Bagatelizowaniem czerwonych światełek...
- Totalnym bagatelizowaniem. Wyobraź sobie miasto, w którym ktoś pozakrywał światła na skrzyżowaniach, i jazdę samochodem po tym mieście. To jest umysł heroinisty. Mojego kolegę rodzice zamknęli kiedyś w mieszkaniu. On spuścił się z dziewiątego piętra po piorunochronie, poszedł na przystanek, pojechał autobusem do dilera. Następnego ranka, gdy wytrzeźwiał, okazało się, że od doby chodzi ze złamaną nogą.

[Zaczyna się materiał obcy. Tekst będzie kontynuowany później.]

(* Let $T=(V,E,r)$ be a finite rooted tree embedded in $\mathbb R^n$ as described in the context, and let $i,j,k$ be three adjacent nodes with $i<j$ and $i<k$, $j\neq k$ (i.e. $j$ and $k$ are distinct children of $i$). Assume: (A2) for all $x,x'\in[x_i,x_j]$ and $y,y'\in[x_i,x_k]$, $\ell([x_i,x])+\ell([x_i,y])\le\ell([x_i,x'])+\ell([x_i,y'])\Rightarrow\|\vec t(x)-\vec t(y)\|\le\|\vec t(x')-\vec t(y')\|$; (A3) there exist a neighborhood $U_i$ of $x_i$ and $0<a<2$ such that for all $x\in U_i\cap([x_i,x_j]\cup[x_i,x_k])$, $\|\vec t(x)-\vec t(x_i)\|\ge\ell([x_i,x])^a$. Then $$\langle\mu_{[x_i,x_j]},\mu_{[x_i,x_k]}\rangle_{W^\ast}=o\Big(\|\mu_{[x_i,x_j]}\|^2_{W^\ast}+\|\mu_{[x_i,x_k]}\|^2_{W^\ast}\Big)$$ as $\sigma_x,\sigma_t\to0$ with $\sigma_x\asymp\sigma_t$, where $\sigma_x\asymp\sigma_t$ means there exist constants $k_1,k_2>0$ with $k_1\sigma_x\le\sigma_t\le k_2\sigma_x$.
   Context: Rooted tree and embedding. $T=(V,E,r)$ is a finite rooted tree with root $r$; $i<j$ means $i$ is the parent of $j$. The tree is embedded in $\mathbb R^n$ via an injective map $i\mapsto x_i\in\mathbb R^n$ and a map sending each edge $(i,j)$ to a smooth curve segment $[x_i,x_j]$ joining $x_i$ and $x_j$ (not necessarily a line segment); embeddings of two edges intersect only if the edges share a node, and only at the image of that node. The embedding of the path from $r$ to any node is a smooth, regular curve of finite length, oriented from the root to the end node; $[x,y]$ denotes the sub-arc between two points on a common embedded root-to-node path. $\ell(\gamma)$ is arc length, $\vec t(x)\in\mathbb S^{n-1}$ the unit oriented tangent vector at $x$ of the curve under consideration. For $\sigma_x,\sigma_t>0$ and smooth oriented curves $X,Y$ of finite length, $$\langle\mu_X,\mu_Y\rangle_{W^\ast}=\iint_{X\times Y} e^{-\|x-y\|^2/\sigma_x^2}\,e^{-\|\vec t(x)-\vec t(y)\|^2/\sigma_t^2}\,d\ell(x)\,d\ell(y),\qquad \|\mu_X\|^2_{W^\ast}=\langle\mu_X,\mu_X\rangle_{W^\ast}$$ (the oriented-varifold inner product induced by the Gaussian tensor-product kernel with parameters $\sigma_x,\sigma_t$). *)

From Stdlib Require Import Reals Lra List.
From Coquelicot Require Import Coquelicot.
Import ListNotations.
Open Scope R_scope.

(** Points of R^n are represented as functions nat -> R; only the
    coordinates m < n are meaningful. *)
Definition point := nat -> R.

Definition pt_eq (n : nat) (p q : point) : Prop :=
  forall m, (m < n)%nat -> p m = q m.

Definition dist2 (n : nat) (p q : point) : R :=
  fold_right Rplus 0 (map (fun m => (p m - q m) ^ 2) (seq 0 n)).
Definition edist (n : nat) (p q : point) : R := sqrt (dist2 n p q).

Definition curve := R -> point.

(** (oriented) tangent vector = velocity; for arc-length parametrized
    curves this is the unit tangent. *)
Definition tvec (c : curve) (s : R) : point :=
  fun m => Derive (fun t => c t m) s.

Definition zero_pt : point := fun _ => 0.

Definition smooth_fun (f : R -> R) : Prop :=
  forall (q : nat) (x : R), ex_derive_n f q x.

Fixpoint iter_par {V : Type} (par : V -> option V) (m : nat) (v : V) : option V :=
  match m with
  | O => Some v
  | S m' => match iter_par par m' v with Some w => par w | None => None end
  end.

Record rooted_tree := mkTree {
  node : Type;
  nodes : list node;
  nodes_complete : forall v, In v nodes;
  root : node;
  parent : node -> option node;                   (* parent i of j, i.e. i < j *)
  parent_root : parent root = None;
  parent_nonroot : forall v, v <> root -> parent v <> None;
  reaches_root : forall v, exists m, iter_par parent m v = Some root
}.

(** ---------- embedding of a rooted tree in R^n ----------
    Each non-root node v with parent p carries the edge (p,v), embedded as
    the curve [earc v] restricted to [0, elen v], parametrized by arc length
    and oriented from x_p to x_v (i.e. away from the root). *)
Record tree_embedding (n : nat) (T : rooted_tree) := mkEmb {
  npos : node T -> point;
  pos_inj : forall u v, pt_eq n (npos u) (npos v) -> u = v;
  earc : node T -> curve;
  elen : node T -> R;
  edge_ok : forall v p, parent T v = Some p ->
    0 < elen v
    /\ (forall m, (m < n)%nat -> smooth_fun (fun s => earc v s m))
    /\ (forall s, 0 <= s <= elen v -> dist2 n (tvec (earc v) s) zero_pt = 1)
    /\ pt_eq n (earc v 0) (npos p)
    /\ pt_eq n (earc v (elen v)) (npos v)
    /\ (forall s u, 0 <= s <= elen v -> 0 <= u <= elen v ->
          pt_eq n (earc v s) (earc v u) -> s = u);
  edges_meet : forall v w pv pw,
    parent T v = Some pv -> parent T w = Some pw -> v <> w ->
    forall s u, 0 <= s <= elen v -> 0 <= u <= elen w ->
    pt_eq n (earc v s) (earc w u) ->
    exists z, (z = pv \/ z = v) /\ (z = pw \/ z = w) /\ pt_eq n (earc v s) (npos z);
  (* every root-to-node path is a smooth curve: at each interior node p the
     arc-length parametrizations of the incoming and outgoing edges have
     matching derivatives of all orders *)
  path_smooth : forall v p, parent T v = Some p -> parent T p <> None ->
    forall (q m : nat), (1 <= q)%nat -> (m < n)%nat ->
    Derive_n (fun s => earc p s m) q (elen p) = Derive_n (fun s => earc v s m) q 0
}.

Arguments npos {n T}.
Arguments earc {n T}.
Arguments elen {n T}.

(** oriented varifold inner product (Gaussian kernels) of two arc-length
    parametrized curves c on [0,L] and c' on [0,L'] *)
Definition vip (n : nat) (sx st : R) (c : curve) (L : R) (c' : curve) (L' : R) : R :=
  RInt (fun s =>
    RInt (fun u =>
      exp (- dist2 n (c s) (c' u) / sx ^ 2)
      * exp (- dist2 n (tvec c s) (tvec c' u) / st ^ 2)) 0 L') 0 L.

From Stdlib Require Import Reals Lra Lia List.
From Coquelicot Require Import Coquelicot.
Open Scope R_scope.

(* The self-energies are at least linear in [sx]: for a unit-speed curve, on the strip
   |s - u| <= sx the positions differ by O(sx) and the unit tangents by O(sx) = O(st),
   so both Gaussian factors of the kernel stay bounded below there.
   The cross energy is o(sx).  By (A2) the tangent gap |t_j(s) - t_k(u)| is nondecreasing
   in s + u, and (A3) (or distinct tangents at x_i) then gives |t_j(s) - t_k(u)| >= tau^a
   whenever s + u >= tau, for all small tau.  So the kernel is at most exp(-tau^(2a)/st^2)
   outside the triangle s + u < tau, whose area is at most tau^2.  With tau^2 = D sx both
   contributions are O(D sx), because a < 2 makes exp(-c sx^(a-2)) = o(sx); choosing D
   small against the self-energy constant concludes. *)

Lemma sum_map_nonneg {A} (f : A -> R) (l : list A) :
  (forall x, In x l -> 0 <= f x) -> 0 <= fold_right Rplus 0 (map f l).
Proof.
  induction l as [|y l IH]; intros H; cbn [map fold_right]; [lra|].
  apply Rplus_le_le_0_compat; [apply H; left | apply IH; intros x Hx; apply H; right]; auto.
Qed.

Lemma sum_map_le {A} (f g : A -> R) (l : list A) :
  (forall x, In x l -> f x <= g x) ->
  fold_right Rplus 0 (map f l) <= fold_right Rplus 0 (map g l).
Proof.
  induction l as [|y l IH]; intros H; cbn [map fold_right]; [lra|].
  apply Rplus_le_compat; [apply H; left | apply IH; intros x Hx; apply H; right]; auto.
Qed.

Lemma sum_map_const {A} (c : R) (l : list A) :
  fold_right Rplus 0 (map (fun _ => c) l) = INR (length l) * c.
Proof.
  induction l as [|y l IH]; cbn [map fold_right length]; [simpl; ring|].
  rewrite IH, S_INR. ring.
Qed.

Lemma sum_map_term {A} (f : A -> R) (l : list A) x :
  (forall y, In y l -> 0 <= f y) -> In x l -> f x <= fold_right Rplus 0 (map f l).
Proof.
  induction l as [|y l IH]; intros H Hx; [destruct Hx|]. cbn [map fold_right].
  assert (Hy : 0 <= f y) by (apply H; left; reflexivity).
  assert (Hl : 0 <= fold_right Rplus 0 (map f l))
    by (apply sum_map_nonneg; intros z Hz; apply H; right; exact Hz).
  destruct Hx as [<- | Hx]; [lra|].
  assert (f x <= fold_right Rplus 0 (map f l))
    by (apply IH; auto; intros z Hz; apply H; right; exact Hz).
  lra.
Qed.

Lemma dist2_nonneg n p q : 0 <= dist2 n p q.
Proof. apply sum_map_nonneg. intros; apply pow2_ge_0. Qed.

Lemma dist2_le_coord n p q C :
  (forall m, (m < n)%nat -> (p m - q m) ^ 2 <= C) -> dist2 n p q <= INR n * C.
Proof.
  intros H. unfold dist2.
  replace (INR n * C) with (fold_right Rplus 0 (map (fun _ => C) (seq 0 n)))
    by (rewrite sum_map_const, length_seq; reflexivity).
  apply sum_map_le. intros m Hm. apply in_seq in Hm. apply H; lia.
Qed.

Lemma coord_sq_le_dist2 n p q m : (m < n)%nat -> (p m - q m) ^ 2 <= dist2 n p q.
Proof.
  intros Hm. apply (sum_map_term (fun m => (p m - q m) ^ 2));
    [intros; apply pow2_ge_0 | apply in_seq; lia].
Qed.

Pracowałeś pod wpływem narkotyków?
- Nigdy. Miałem dyscyplinę. W pracy tryskałem energią, bo miałem motywację: pracuję, żeby zarobić i zasłużyć na satysfakcję w weekend. Życie zawodowe nie zaczynało się zawalać, ale zaczynało się lekko podpsuwać. Na przykład przychodziliśmy z kolegą do radia prowadzić audycję. Trzeźwi. Ale świadomość tego, że zaraz po robocie pójdziemy zajarać, strasznie nas podniecała. W rezultacie byliśmy trochę za bardzo rozkoszni, trochę za mało dbający o słuchaczy. Kiedyś przez dwie godziny powtarzaliśmy w eterze słowo "czekolada" w taki bardzo słodki, rozmamłany sposób: czekolaaaaaaaaaada, czekoooooooladaaaa. I w końcu zadzwoniła do nas słuchaczka i powiedziała: "Ej, chłopaki, wy nie palcie tyle tej czekolady".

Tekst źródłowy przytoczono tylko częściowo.